Saved data entries:
============

(* Let $r$ be an odd prime, $p=2r$, and $\mu_i=(-1)^iA_p^{i(i+2)}$. For distinct $i,j\in\{0,1,\dots,r-2\}$, up to a unit of $\mathcal{O}_p$: (1) $\mu_i-\mu_j\sim 1$ if $i\not\equiv j\pmod 2$ and $(j-i)(i+j+2)\not\equiv0\pmod r$; (2) $\mu_i-\mu_j\sim\sqrt2$ if $i\not\equiv j\pmod 2$ and $(j-i)(i+j+2)\equiv0\pmod r$; (3) $\mu_i-\mu_j\sim 1+\alpha_p^4$ if $i\equiv j\pmod 2$.
   Context: $\alpha_p=e^{2\pi i/(4p)}$, $A_p=\alpha_p^2$, $\mathcal{O}_p=\mathbb{Z}[\alpha_p]$. $\mu_i$ is the eigenvalue of the twist map on the basis element $e_i$ of the Kauffman skein module of the solid torus, $0\le i\le d_p-1=r-2$. $a\sim b$ means $a/b$ is a unit of $\mathcal{O}_p$. *)

From mathcomp Require Import all_boot all_order all_algebra all_field.
Set Implicit Arguments. Unset Strict Implicit. Unset Printing Implicit Defensive.
Import Order.TTheory GRing.Theory Num.Theory.
Local Open Scope ring_scope.

(* alpha_p = e^{2 pi i/(4p)}; with p = 2r this is e^{i pi/(4r)}, which is
   (4r).-root (-1) in algC (the n-th root of -1 of minimal nonnegative argument). *)
Definition alpha_p (p : nat) : algC := (2 * p)%N.-root (-1).
Definition A_p (p : nat) : algC := alpha_p p ^+ 2.

Definition in_Op (p : nat) (x : algC) : Prop :=
  exists q : {poly int}, x = (map_poly intr q).[alpha_p p].

Definition unit_Op (p : nat) (u : algC) : Prop :=
  in_Op p u /\ u != 0 /\ in_Op p u^-1.

Definition assoc_Op (p : nat) (a b : algC) : Prop :=
  b != 0 /\ unit_Op p (a / b).

Definition mu (p i : nat) : algC := (-1) ^+ i * A_p p ^+ (i * (i + 2)).

From mathcomp Require Import all_boot all_order all_algebra all_field.
From mathcomp Require Import ring zify.
Set Implicit Arguments.
Unset Strict Implicit.
Unset Printing Implicit Defensive.
Import Order.TTheory GRing.Theory Num.Theory.
Local Open Scope ring_scope.

(* Since (-1)^i = (-1)^(i(i+2)), mu_i is the power b^(i(i+2)) of b = -A_p, a
   primitive 4r-th root of unity in O_p, so mu_i - mu_j is a unit times 1 - b^N
   with N = (i-j)(i+j+2), and everything depends on the order of b^N.  If N is
   odd and prime to r, then b^N has order 4r and 1 - b^N is a unit; if N is odd
   and r | N, then (b^N)^2 = -1 and (1 - b^N)/sqrt 2 is an 8th root of unity; if
   N is even, then 4 | N and b^N and -alpha_p^4 are both nontrivial r-th roots of
   unity, and for such roots x, y the elements 1 - x and 1 - y are associates.
   The only analytic input is that alpha_p = (4r).-root (-1) is a primitive
   8r-th root of unity, i.e. not an 8th root of unity. *)

Lemma geometric_sum (R : fieldType) (x : R) n :
  x != 1 -> \sum_(t < n) x ^+ t = (1 - x ^+ n) / (1 - x).
Proof.
move=> x_neq1; have x1 : 1 - x != 0 by rewrite subr_eq0 eq_sym.
by rewrite -[1 - x ^+ n]opprB subrX1 -mulNr opprB mulrC mulKf.
Qed.

Lemma prime_prim_root (R : idomainType) q (x : R) :
  prime q -> x ^+ q = 1 -> x != 1 -> q.-primitive_root x.
Proof.
move=> q_pr xq x_neq1; have [m prim_m m_dvd] := prim_order_exists (prime_gt0 q_pr) xq.
case/primeP: q_pr => _ /(_ m m_dvd)/pred2P[m1|<- //].
by move: (prim_expr_order prim_m); rewrite m1 expr1 => x1; rewrite x1 eqxx in x_neq1.
Qed.

Lemma prim_expr_half (R : idomainType) n (w : R) :
  (0 < n)%N -> (2 * n).-primitive_root w -> w ^+ n = -1.
Proof.
move=> n_gt0 prim_w; have /eqP := prim_expr_order prim_w.
rewrite mulnC exprM sqrf_eq1 => /orP[/eqP wn1 | /eqP //].
by move: (prim_order_dvd prim_w n); rewrite wn1 eqxx gtnNdvd //; lia.
Qed.

Lemma Re_le_rootC n (x y : algC) :
  (0 < n)%N -> x \is Num.real -> y ^+ n = x -> 'Re y <= 'Re (n.-root x).
Proof.
move=> n_gt0 xR yn; have [|/ltW Im_le0] := real_ge0P (Creal_Im y).
  exact: rootC_Re_max.
rewrite -Re_conj; apply: rootC_Re_max => //.
  by rewrite -rmorphXn /= yn conj_Creal.
by rewrite Im_conj oppr_ge0.
Qed.

Lemma sqr_Re_le_rootCN1 n (y : algC) : (0 < n)%N -> ~~ odd n ->
  y ^+ n = -1 -> 'Re y ^+ 2 <= 'Re (n.-root (-1)) ^+ 2.
Proof.
move=> n_gt0 n_even yn; have le_y := Re_le_rootC n_gt0 (rpredN1 _) yn.
have le_Ny : 'Re (- y) <= 'Re (n.-root (-1)).
  by apply: Re_le_rootC (rpredN1 _) _; rewrite // exprNn -signr_odd (negbTE n_even) mul1r.
have Re_y : `|'Re y| <= 'Re (n.-root (-1)).
  by apply/real_ler_normlP; rewrite ?Creal_Re // -raddfN.
by rewrite -real_normK ?Creal_Re // ler_sqr ?nnegrE //; exact: le_trans Re_y.
Qed.

Lemma normC_rootN1 n (y : algC) : (0 < n)%N -> y ^+ n = -1 -> `|y| = 1.
Proof.
move=> n_gt0 yn; apply/eqP.
by rewrite -(pexpr_eq1 n_gt0) ?normr_ge0 // -normrX yn normrN1.
Qed.

Lemma conjC_normC1 (y : algC) : `|y| = 1 -> y^* = y^-1.
Proof. by move=> y1; rewrite invC_norm y1 expr1n invr1 mul1r. Qed.

Lemma sqr_Re_normC1 (y : algC) : `|y| = 1 -> 4 * 'Re y ^+ 2 = y ^+ 2 + 2 + (y ^+ 2)^*.
Proof.
move=> y1; have yy : y * y^* = 1 by rewrite -normCK y1 expr1n.
have two_neq0 : 2 != 0 :> algC by rewrite pnatr_eq0.
transitivity ((y + y^*) ^+ 2); first by rewrite ReE; field.
by rewrite sqrrD yy rmorphXn.
Qed.

Lemma sqr_Re_normC1_eq2 (y : algC) : `|y| = 1 -> (4 * 'Re y ^+ 2 == 2) = (y ^+ 4 == -1).
Proof.
move=> y1; have y_neq0 : y != 0 by rewrite -normr_eq0 y1 oner_eq0.
rewrite sqr_Re_normC1 // conjC_normC1 ?normrX ?y1 ?expr1n // -subr_eq0.
have -> : y ^+ 2 + 2 + (y ^+ 2)^-1 - 2 = (y ^+ 4 + 1) / y ^+ 2 by field.
by rewrite mulf_eq0 invr_eq0 expf_eq0 (negbTE y_neq0) andbF orbF addr_eq0.
Qed.

Lemma sum_sqr_Re_odd_expr n (w : algC) : (2 * n).-primitive_root w -> (2 < n)%N ->
  \sum_(k < n) (2 - 4 * 'Re (w ^+ (2 * k + 1)) ^+ 2) = 0.
Proof.
move=> prim_w n_gt2; have n_gt0 : (0 < n)%N by lia.
have w4_neq1 : w ^+ 4 != 1 by rewrite -(prim_order_dvd prim_w) gtnNdvd //; lia.
have w4n : (w ^+ 4) ^+ n = 1.
  rewrite -exprM (_ : 4 * n = 2 * n * 2)%N; last by lia.
  by rewrite exprM (prim_expr_order prim_w) expr1n.
have sum_sqr : \sum_(k < n) (w ^+ (2 * k + 1)) ^+ 2 = 0.
  rewrite (eq_bigr (fun k : 'I_n => w ^+ 2 * (w ^+ 4) ^+ k)); last first.
    by move=> k _; rewrite -!exprM -exprD; congr (_ ^+ _); lia.
  by rewrite -mulr_sumr geometric_sum // w4n subrr mul0r mulr0.
have y1 k : `|w ^+ (2 * k + 1)| = 1.
  apply: (normC_rootN1 n_gt0).
  by rewrite exprAC (prim_expr_half n_gt0 prim_w) -signr_odd oddD oddM.
rewrite (eq_bigr (fun k : 'I_n => - ((w ^+ (2 * k + 1)) ^+ 2 + ((w ^+ (2 * k + 1)) ^+ 2)^*))).
  by rewrite sumrN big_split /= -rmorph_sum sum_sqr rmorph0 addr0 oppr0.
by move=> k _; rewrite sqr_Re_normC1 //; ring.
Qed.

(* If the root of -1 of largest real part were an 8th root of unity, every root y
   of -1 would satisfy 4 Re(y)^2 <= 2; since these values average to 2, equality
   would hold for all of them, which fails for a primitive 8m-th root of unity. *)
Lemma rootCN1_expr8_neq1 m : odd m -> (1 < m)%N -> (4 * m).-root (-1 : algC) ^+ 8 != 1.
Proof.
move=> m_odd m_gt1; set n := (4 * m)%N; set a := n.-root (-1 : algC).
have n_gt0 : (0 < n)%N by rewrite /n; lia.
have an : a ^+ n = -1 := rootCK n_gt0 (-1).
apply/eqP => a8.
have a4 : a ^+ 4 = -1.
  rewrite -an; have -> : n = (4 + 8 * m./2)%N.
    by move: (odd_double_half m); rewrite m_odd -muln2 /n /=; lia.
  by rewrite exprD exprM a8 expr1n mulr1.
have Re_a : 4 * 'Re a ^+ 2 = 2.
  by apply/eqP; rewrite sqr_Re_normC1_eq2 ?a4 // (normC_rootN1 n_gt0 an).
have [w prim_w] : {w : algC | (2 * n).-primitive_root w}.
  by apply: C_prim_root_exists; lia.
have terms_ge0 (k : 'I_n) : true -> 0 <= 2 - 4 * 'Re (w ^+ (2 * k + 1)) ^+ 2.
  move=> _; rewrite subr_ge0 -Re_a ler_pM2l ?ltr0n //; apply: sqr_Re_le_rootCN1 => //.
    by rewrite /n oddM.
  by rewrite exprAC (prim_expr_half n_gt0 prim_w) -signr_odd oddD oddM.
have n_gt2 : (2 < n)%N by rewrite /n; lia.
have := psumr_eq0P terms_ge0 (sum_sqr_Re_odd_expr prim_w n_gt2) (i := Ordinal n_gt0) isT.
rewrite /= muln0 add0n expr1 => /eqP; rewrite subr_eq0 eq_sym sqr_Re_normC1_eq2.
  move=> /eqP w4; have /negP[] : ~~ (2 * n %| 8)%N by rewrite gtnNdvd // /n; lia.
  by rewrite (prim_order_dvd prim_w) (exprM w 4 2) w4 sqrrN expr1n.
exact: normC_rootN1 n_gt0 (prim_expr_half n_gt0 prim_w).
Qed.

============

Each line from the first line of the entries up to and including the line containing "Definition unit_Op (p" should be transcribed exactly, with all other lines left out.

→ **TASK RESPONSE**
(* Let $r$ be an odd prime, $p=2r$, and $\mu_i=(-1)^iA_p^{i(i+2)}$. For distinct $i,j\in\{0,1,\dots,r-2\}$, up to a unit of $\mathcal{O}_p$: (1) $\mu_i-\mu_j\sim 1$ if $i\not\equiv j\pmod 2$ and $(j-i)(i+j+2)\not\equiv0\pmod r$; (2) $\mu_i-\mu_j\sim\sqrt2$ if $i\not\equiv j\pmod 2$ and $(j-i)(i+j+2)\equiv0\pmod r$; (3) $\mu_i-\mu_j\sim 1+\alpha_p^4$ if $i\equiv j\pmod 2$.
   Context: $\alpha_p=e^{2\pi i/(4p)}$, $A_p=\alpha_p^2$, $\mathcal{O}_p=\mathbb{Z}[\alpha_p]$. $\mu_i$ is the eigenvalue of the twist map on the basis element $e_i$ of the Kauffman skein module of the solid torus, $0\le i\le d_p-1=r-2$. $a\sim b$ means $a/b$ is a unit of $\mathcal{O}_p$. *)

From mathcomp Require Import all_boot all_order all_algebra all_field.
Set Implicit Arguments. Unset Strict Implicit. Unset Printing Implicit Defensive.
Import Order.TTheory GRing.Theory Num.Theory.
Local Open Scope ring_scope.

(* alpha_p = e^{2 pi i/(4p)}; with p = 2r this is e^{i pi/(4r)}, which is
   (4r).-root (-1) in algC (the n-th root of -1 of minimal nonnegative argument). *)
Definition alpha_p (p : nat) : algC := (2 * p)%N.-root (-1).
Definition A_p (p : nat) : algC := alpha_p p ^+ 2.

Definition in_Op (p : nat) (x : algC) : Prop :=
  exists q : {poly int}, x = (map_poly intr q).[alpha_p p].

Definition unit_Op (p : nat) (u : algC) : Prop :=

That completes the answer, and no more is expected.